*Problem requirements*. Every line below should be set down exactly as it appears.

━━━ Input material ━━━

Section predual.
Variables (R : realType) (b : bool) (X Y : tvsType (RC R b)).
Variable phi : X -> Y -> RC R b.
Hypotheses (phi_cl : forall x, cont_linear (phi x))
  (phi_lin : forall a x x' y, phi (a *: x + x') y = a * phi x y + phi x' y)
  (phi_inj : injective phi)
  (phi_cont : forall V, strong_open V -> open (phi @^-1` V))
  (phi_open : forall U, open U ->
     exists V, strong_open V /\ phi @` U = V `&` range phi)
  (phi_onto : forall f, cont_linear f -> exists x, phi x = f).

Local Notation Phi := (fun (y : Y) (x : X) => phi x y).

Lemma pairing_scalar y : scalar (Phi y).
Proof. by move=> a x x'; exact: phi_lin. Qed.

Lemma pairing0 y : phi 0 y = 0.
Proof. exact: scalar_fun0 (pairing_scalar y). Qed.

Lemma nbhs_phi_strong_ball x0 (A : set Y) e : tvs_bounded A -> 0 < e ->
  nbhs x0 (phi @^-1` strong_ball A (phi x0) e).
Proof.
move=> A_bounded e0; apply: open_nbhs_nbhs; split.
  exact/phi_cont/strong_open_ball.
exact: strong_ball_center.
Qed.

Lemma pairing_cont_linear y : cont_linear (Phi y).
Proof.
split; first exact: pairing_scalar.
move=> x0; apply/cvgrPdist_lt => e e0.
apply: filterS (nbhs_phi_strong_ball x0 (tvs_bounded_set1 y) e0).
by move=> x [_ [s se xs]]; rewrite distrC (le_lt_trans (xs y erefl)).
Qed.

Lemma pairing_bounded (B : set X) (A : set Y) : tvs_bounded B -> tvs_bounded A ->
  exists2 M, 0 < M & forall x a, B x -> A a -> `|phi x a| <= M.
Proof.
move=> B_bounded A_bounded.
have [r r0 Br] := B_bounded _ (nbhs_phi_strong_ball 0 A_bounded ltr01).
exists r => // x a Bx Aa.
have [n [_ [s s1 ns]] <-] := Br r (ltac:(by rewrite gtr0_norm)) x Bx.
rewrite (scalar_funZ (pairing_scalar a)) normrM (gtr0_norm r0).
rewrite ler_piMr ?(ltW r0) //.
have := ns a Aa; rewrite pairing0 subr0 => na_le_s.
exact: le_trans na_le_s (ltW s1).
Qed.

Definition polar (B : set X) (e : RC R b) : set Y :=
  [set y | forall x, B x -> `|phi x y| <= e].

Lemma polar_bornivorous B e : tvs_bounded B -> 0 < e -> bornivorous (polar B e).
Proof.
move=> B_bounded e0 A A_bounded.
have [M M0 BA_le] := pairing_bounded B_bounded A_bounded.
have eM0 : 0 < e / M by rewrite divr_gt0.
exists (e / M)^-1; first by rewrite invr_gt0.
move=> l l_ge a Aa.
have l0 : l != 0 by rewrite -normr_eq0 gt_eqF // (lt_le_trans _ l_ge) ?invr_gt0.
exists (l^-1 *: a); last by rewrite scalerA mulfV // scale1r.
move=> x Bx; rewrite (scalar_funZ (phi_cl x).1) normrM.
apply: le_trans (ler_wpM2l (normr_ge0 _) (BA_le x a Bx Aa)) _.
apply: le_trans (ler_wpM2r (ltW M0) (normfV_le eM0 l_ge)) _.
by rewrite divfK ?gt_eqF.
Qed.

━━━

*Result below*.
Section predual.
Variables (R : realType) (b : bool) (X Y : tvsType (RC R b)).
Variable phi : X -> Y -> RC R b.
Hypotheses (phi_cl : forall x, cont_linear (phi x))
  (phi_lin : forall a x x' y, phi (a *: x + x') y = a * phi x y + phi x' y)
  (phi_inj : injective phi)
  (phi_cont : forall V, strong_open V -> open (phi @^-1` V))
  (phi_open : forall U, open U ->
     exists V, strong_open V /\ phi @` U = V `&` range phi)
  (phi_onto : forall f, cont_linear f -> exists x, phi x = f).

Local Notation Phi := (fun (y : Y) (x : X) => phi x y).

Lemma pairing_scalar y : scalar (Phi y).
Proof. by move=> a x x'; exact: phi_lin. Qed.

Lemma pairing0 y : phi 0 y = 0.
Proof. exact: scalar_fun0 (pairing_scalar y). Qed.

Lemma nbhs_phi_strong_ball x0 (A : set Y) e : tvs_bounded A -> 0 < e ->
  nbhs x0 (phi @^-1` strong_ball A (phi x0) e).
Proof.
move=> A_bounded e0; apply: open_nbhs_nbhs; split.
  exact/phi_cont/strong_open_ball.
exact: strong_ball_center.
Qed.

Lemma pairing_cont_linear y : cont_linear (Phi y).
Proof.
split; first exact: pairing_scalar.
move=> x0; apply/cvgrPdist_lt => e e0.
apply: filterS (nbhs_phi_strong_ball x0 (tvs_bounded_set1 y) e0).
by move=> x [_ [s se xs]]; rewrite distrC (le_lt_trans (xs y erefl)).
Qed.

Lemma pairing_bounded (B : set X) (A : set Y) : tvs_bounded B -> tvs_bounded A ->
  exists2 M, 0 < M & forall x a, B x -> A a -> `|phi x a| <= M.
Proof.
move=> B_bounded A_bounded.
have [r r0 Br] := B_bounded _ (nbhs_phi_strong_ball 0 A_bounded ltr01).
exists r => // x a Bx Aa.
have [n [_ [s s1 ns]] <-] := Br r (ltac:(by rewrite gtr0_norm)) x Bx.
rewrite (scalar_funZ (pairing_scalar a)) normrM (gtr0_norm r0).
rewrite ler_piMr ?(ltW r0) //.
have := ns a Aa; rewrite pairing0 subr0 => na_le_s.
exact: le_trans na_le_s (ltW s1).
Qed.

Definition polar (B : set X) (e : RC R b) : set Y :=
  [set y | forall x, B x -> `|phi x y| <= e].

Lemma polar_bornivorous B e : tvs_bounded B -> 0 < e -> bornivorous (polar B e).
Proof.
move=> B_bounded e0 A A_bounded.
have [M M0 BA_le] := pairing_bounded B_bounded A_bounded.
have eM0 : 0 < e / M by rewrite divr_gt0.
exists (e / M)^-1; first by rewrite invr_gt0.
move=> l l_ge a Aa.
have l0 : l != 0 by rewrite -normr_eq0 gt_eqF // (lt_le_trans _ l_ge) ?invr_gt0.
exists (l^-1 *: a); last by rewrite scalerA mulfV // scale1r.
move=> x Bx; rewrite (scalar_funZ (phi_cl x).1) normrM.
apply: le_trans (ler_wpM2l (normr_ge0 _) (BA_le x a Bx Aa)) _.
apply: le_trans (ler_wpM2r (ltW M0) (normfV_le eM0 l_ge)) _.
by rewrite divfK ?gt_eqF.
Qed.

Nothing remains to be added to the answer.